Sent by Bob Maimone | 7:07 PM ET | 03-28-2007

Dear Leroy,
Thank you for printing my comments yesterday. Thank you for sharing how you are feeling and doing. I pray your test results are good but even if they are not you will go on like we all do. I like what JJ said and some others too. We must remember that we did not cause this disease in any way. Positive thinking is great but the book "Secrets" is misleading and disturbing. I have struggled with thinking I caused my cancer and now understand that I did not. I agonize over every test but just want to try to live life to it's fullest now and cope with whatever comes along on that day.

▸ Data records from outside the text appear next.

Lemma compact_minimal_below (K : X -> Prop) (x : X) :
  compact O K -> K x -> exists y, minset O K y /\ spec_le O y x.
Proof.
  intros HK Kx.
  set (T := {y : X | K y /\ spec_le O y x}).
  set (t0 := exist _ x (conj Kx (spec_le_refl x)) : T).
  destruct (zorn_preorder t0 (fun a b : T => spec_le O (proj1_sig b) (proj1_sig a)))
    as [[y [Ky Hyx]] Hmax].
  - intro t; apply spec_le_refl.
  - intros r s t Hrs Hst; exact (spec_le_trans Hst Hrs).
  - intros A HA; destruct (classic (exists s, A s)) as [[s0 As0] | Hempty].
    + destruct (compact_chain_lower_bound K (fun z => exists s : T, A s /\ proj1_sig s = z)
                  (proj1_sig s0) HK) as [y [Ky Hy]].
      * intros z [s [_ <-]]; exact (proj1 (proj2_sig s)).
      * eauto.
      * intros a b [s [As <-]] [t [At <-]]; destruct (HA s t As At); auto.
      * assert (Hys : forall s, A s -> spec_le O y (proj1_sig s))
          by (intros s As; apply Hy; eauto).
        exists (exist _ y (conj Ky (spec_le_trans (Hys s0 As0) (proj2 (proj2_sig s0))))).
        exact Hys.
    + exists t0; intros s As; exfalso; eauto.
  - exists y; split; [split; [exact Ky |] | exact Hyx].
    intros z Kz Hzy; exact (Hmax (exist _ z (conj Kz (spec_le_trans Hzy Hyx))) Hzy).
Qed.

Lemma minset_enumeration (K : X -> Prop) :
  isK O K -> countable_set (minset O K) ->
  exists e : nat -> X, (forall n, K (e n)) /\ forall x, K x -> exists n, spec_le O (e n) x.
Proof.
  intros [[x0 Kx0] [HKc _]] [g Hg].
  destruct (compact_minimal_below K x0 HKc Kx0) as [m0 [Mm0 _]].
  destruct (choice (fun n y => minset O K y /\
                     ((exists y', minset O K y' /\ g y' = n) -> g y = n))) as [e He].
  - intro n; destruct (classic (exists y', minset O K y' /\ g y' = n)) as [[y' Hy'] | Hn].
    + exists y'; split; [apply Hy' | intros _; apply Hy'].
    + exists m0; split; [exact Mm0 | intro H; contradiction].
  - exists e; split; [intro n; exact (proj1 (proj1 (He n))) |].
    intros x Kx; destruct (compact_minimal_below K x HKc Kx) as [y [My Hyx]].
    exists (g y); replace (e (g y)) with y; [exact Hyx |].
    destruct (He (g y)) as [Me Hge].
    apply Hg; [exact My | exact Me | symmetry; apply Hge; eauto].
Qed.

Lemma first_countable_local_base (K : X -> Prop) (e : nat -> X) :
  first_countable O -> (forall n, K (e n)) ->
  (forall x, K x -> exists n, spec_le O (e n) x) -> exists B, local_base B K.
Proof.
  intros Hfc Ke He.
  destruct (choice (fun x (Bx : nat -> X -> Prop) =>
              (forall m, O (Bx m) /\ Bx m x) /\
              forall U, O U -> U x -> exists m, subset (Bx m) U) Hfc) as [Bs HBs].
  exists (fun p => Bs (e (fst (of_nat p))) (snd (of_nat p))); split.
  - intro p; apply HBs.
  - intros V HV HKV x Kx; destruct (He x Kx) as [i Hix].
    destruct (proj2 (HBs (e i)) V HV (HKV _ (Ke i))) as [m Hm].
    destruct (proj1 (HBs (e i)) m) as [Hopen Hin].
    exists (to_nat (i, m)); rewrite cancel_of_to.
    split; [exact (Hix _ Hopen Hin) | exact Hm].
Qed.
(* Let $G$ be a graph, $t\ge 2$ an integer and $k$ a nonnegative integer. For a set of vertices $X$, let $E_X$ denote the set of all pairs $\{u,v\}$ with $u,v\in X$, $u\neq v$. Let $\mathcal{F}'$ be a family of sets of the form $E_Z$ with $Z\subseteq V(G)$, such that for every edge $\{x,y\}$ of $G$, the family $\mathcal{F}'_{xy}=\{X\subseteq V(G)\setminus\{x,y\} : E_{X\cup\{x,y\}}\in\mathcal{F}'\}$ satisfies $|\mathcal{F}'_{xy}|\le 2\cdot(t-2)!\cdot k^{t-2}$. If $|\mathcal{F}'|>2\cdot(t-2)!\cdot k^{t-1}$, then $\mathcal{F}'$ has no hitting set consisting of at most $k$ edges of $G$.
   Context: A set $S$ is a hitting set of a family $\mathcal{F}$ of sets if $S\cap F\neq\emptyset$ for every $F\in\mathcal{F}$. (In the paper this is phrased as: after exhaustively applying the sunflower reduction rule, so that $|\mathcal{F}'_{xy}|\le 2(t-2)!k^{t-2}$ for every edge, the rule ''if $|\mathcal{F}'|>2(t-2)!k^{t-1}$, return a fixed no-instance'' is safe.) *)

From mathcomp Require Import all_boot.
Set Implicit Arguments. Unset Strict Implicit. Unset Printing Implicit Defensive.

Definition pairs (T : finType) (X : {set T}) : {set {set T}} :=
  [set p : {set T} | (p \subset X) && (#|p| == 2)].

Definition edges (T : finType) (e : rel T) : {set {set T}} :=
  [set p : {set T} | [exists x, exists y, e x y && (p == [set x; y])]].

Definition link (T : finType) (F : {set {set {set T}}}) (x y : T) : {set {set T}} :=
  [set X : {set T} | (X \subset ~: [set x; y]) && (pairs (X :|: [set x; y]) \in F)].

Definition is_hitting_set (T : finType) (S : {set {set T}}) (F : {set {set {set T}}}) :=
  forall A, A \in F -> S :&: A != set0.

(** The edge sets of the cliques in F' that contain a fixed edge {x, y} are
    the images of the link F'_{xy} under X |-> E_{X ∪ {x,y}}, so there are at
    most 2 (t-2)! k^(t-2) of them.  Every member of F' contains an edge of a
    hitting set S, hence |F'| <= |S| * 2 (t-2)! k^(t-2) <= 2 (t-2)! k^(t-1). *)

From mathcomp Require Import all_boot.

Lemma leq_card_bigcup {T I : finType} (P : {set I}) (G : I -> {set T}) :
  #|\bigcup_(i in P) G i| <= \sum_(i in P) #|G i|.
Proof.
apply: (big_ind2 (fun (A : {set T}) n => #|A| <= n)) => [|A a B b leA leB|//].
- by rewrite cards0.
- exact: leq_trans (leq_card_setU A B) (leq_add leA leB).
Qed.

Lemma card_le_sum_hitting {U : finType} {S : {set U}} {F : {set {set U}}} :
  (forall A, A \in F -> S :&: A != set0) ->
  #|F| <= \sum_(p in S) #|[set A in F | p \in A]|.
Proof.
move=> hitS.
apply: leq_trans _ (leq_card_bigcup S (fun p => [set A in F | p \in A])).
apply/subset_leq_card/subsetP => A FA.
have /set0Pn [p /setIP [Sp Ap]] := hitS A FA.
by apply/bigcupP; exists p; rewrite // inE FA.
Qed.

Lemma card_cliques_through_le_link {T : finType} {F : {set {set {set T}}}}
    (x y : T) :
  (forall A, A \in F -> exists Z : {set T}, A = pairs Z) ->
  #|[set A in F | [set x; y] \in A]| <= #|link F x y|.
Proof.
move=> cliqueF; set xy := [set x; y].
apply: leq_trans _ (leq_imset_card (fun X => pairs (X :|: xy)) _).
apply/subset_leq_card/subsetP => A; rewrite inE => /andP [FA xyA].
have [Z defA] := cliqueF A FA.
have xyZ : xy \subset Z by move: xyA; rewrite defA inE => /andP [].
have defZ : (Z :\: xy) :|: xy = Z by rewrite -[RHS](setID Z xy) (setIidPr xyZ) setUC.
apply/imsetP; exists (Z :\: xy); last by rewrite defZ defA.
by rewrite inE subsetDr defZ -defA FA.
Qed.

Theorem lemma3 (T : finType) (e : rel T) (e_sym : symmetric e)
  (e_irr : irreflexive e) (t k : nat) (F : {set {set {set T}}})
  (Ht : 2 <= t)
  (HF : forall A, A \in F -> exists Z : {set T}, A = pairs Z)
  (Hlink : forall x y : T, e x y -> #|link F x y| <= 2 * (t - 2)`! * k ^ (t - 2))
  (Hbig : 2 * (t - 2)`! * k ^ (t - 1) < #|F|) :
  ~ (exists S : {set {set T}},
       [/\ S \subset edges e, #|S| <= k & is_hitting_set S F]).
Proof.
move=> [S [Se Sk hitS]].
set B := 2 * (t - 2)`! * k ^ (t - 2).
have throughB p : p \in S -> #|[set A in F | p \in A]| <= B.
  move/(subsetP Se); rewrite inE => /existsP [x /existsP [y /andP [exy /eqP ->]]].
  exact: leq_trans (card_cliques_through_le_link x y HF) (Hlink _ _ exy).
have cardF : #|F| <= #|S| * B.
  apply: leq_trans (card_le_sum_hitting hitS) _.
  by rewrite -sum1_card big_distrl /=; apply: leq_sum => p /throughB; rewrite mul1n.
have kB : 2 * (t - 2)`! * k ^ (t - 1) = k * B.
  by rewrite /B -[t - 1]/(t.+1 - 2) subSn // expnS mulnCA.
have := leq_trans cardF (leq_mul Sk (leqnn B)).
by rewrite -kB leqNgt Hbig.
Qed.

Leroy, you are better than a support group and I hope that you find comfort in sharing your thoughts and the response you receive. GOD BLESS YOU.

Sent by Vicki | 7:26 PM ET | 03-28-2007

JJ, thank you so much for that post. All this time I thought I was just ungrateful for thinking some of those things. Now I know......a lot of us feel that way. The honesty is refreshing.

Sent by patricia | 8:28 PM ET | 03-28-2007

hi leroy- i know completely what you're talking about when you speak of "getting ready" for bad news- living in naive land and getting slapped upside the head with bad news is TOO much of a shock time after time-
but i wanted you to know that i hope you get GOOD news this time- you deserve it !!!
thanks again for all these posts- i don't know why, but it's a real comfort to me to read them daily after i get done with all my email business- there is something very centering about your posts- thanks-
alice williams, mother of lexie

Sent by alice williams | 8:58 PM ET | 03-28-2007

I'm hoping you get good news tomorrow!

Sent by Grace T | 12:48 AM ET | 03-29-2007

Thanks for sending your post JJ. I have heard my wife echo many of the things in the article as she has gone through her treatments. I have sent her a copy of your post.

It seems like in the last few weeks you couldn't turn the TV on without hearing about cancer. CBS News last night devoted most of the broadcast to cancer. The news of Elizabeth Edwards and Tony Snow have hit me pretty hard. My wife just finished her last chemo for breast cancer, and my father died of colon/liver cancer at 53.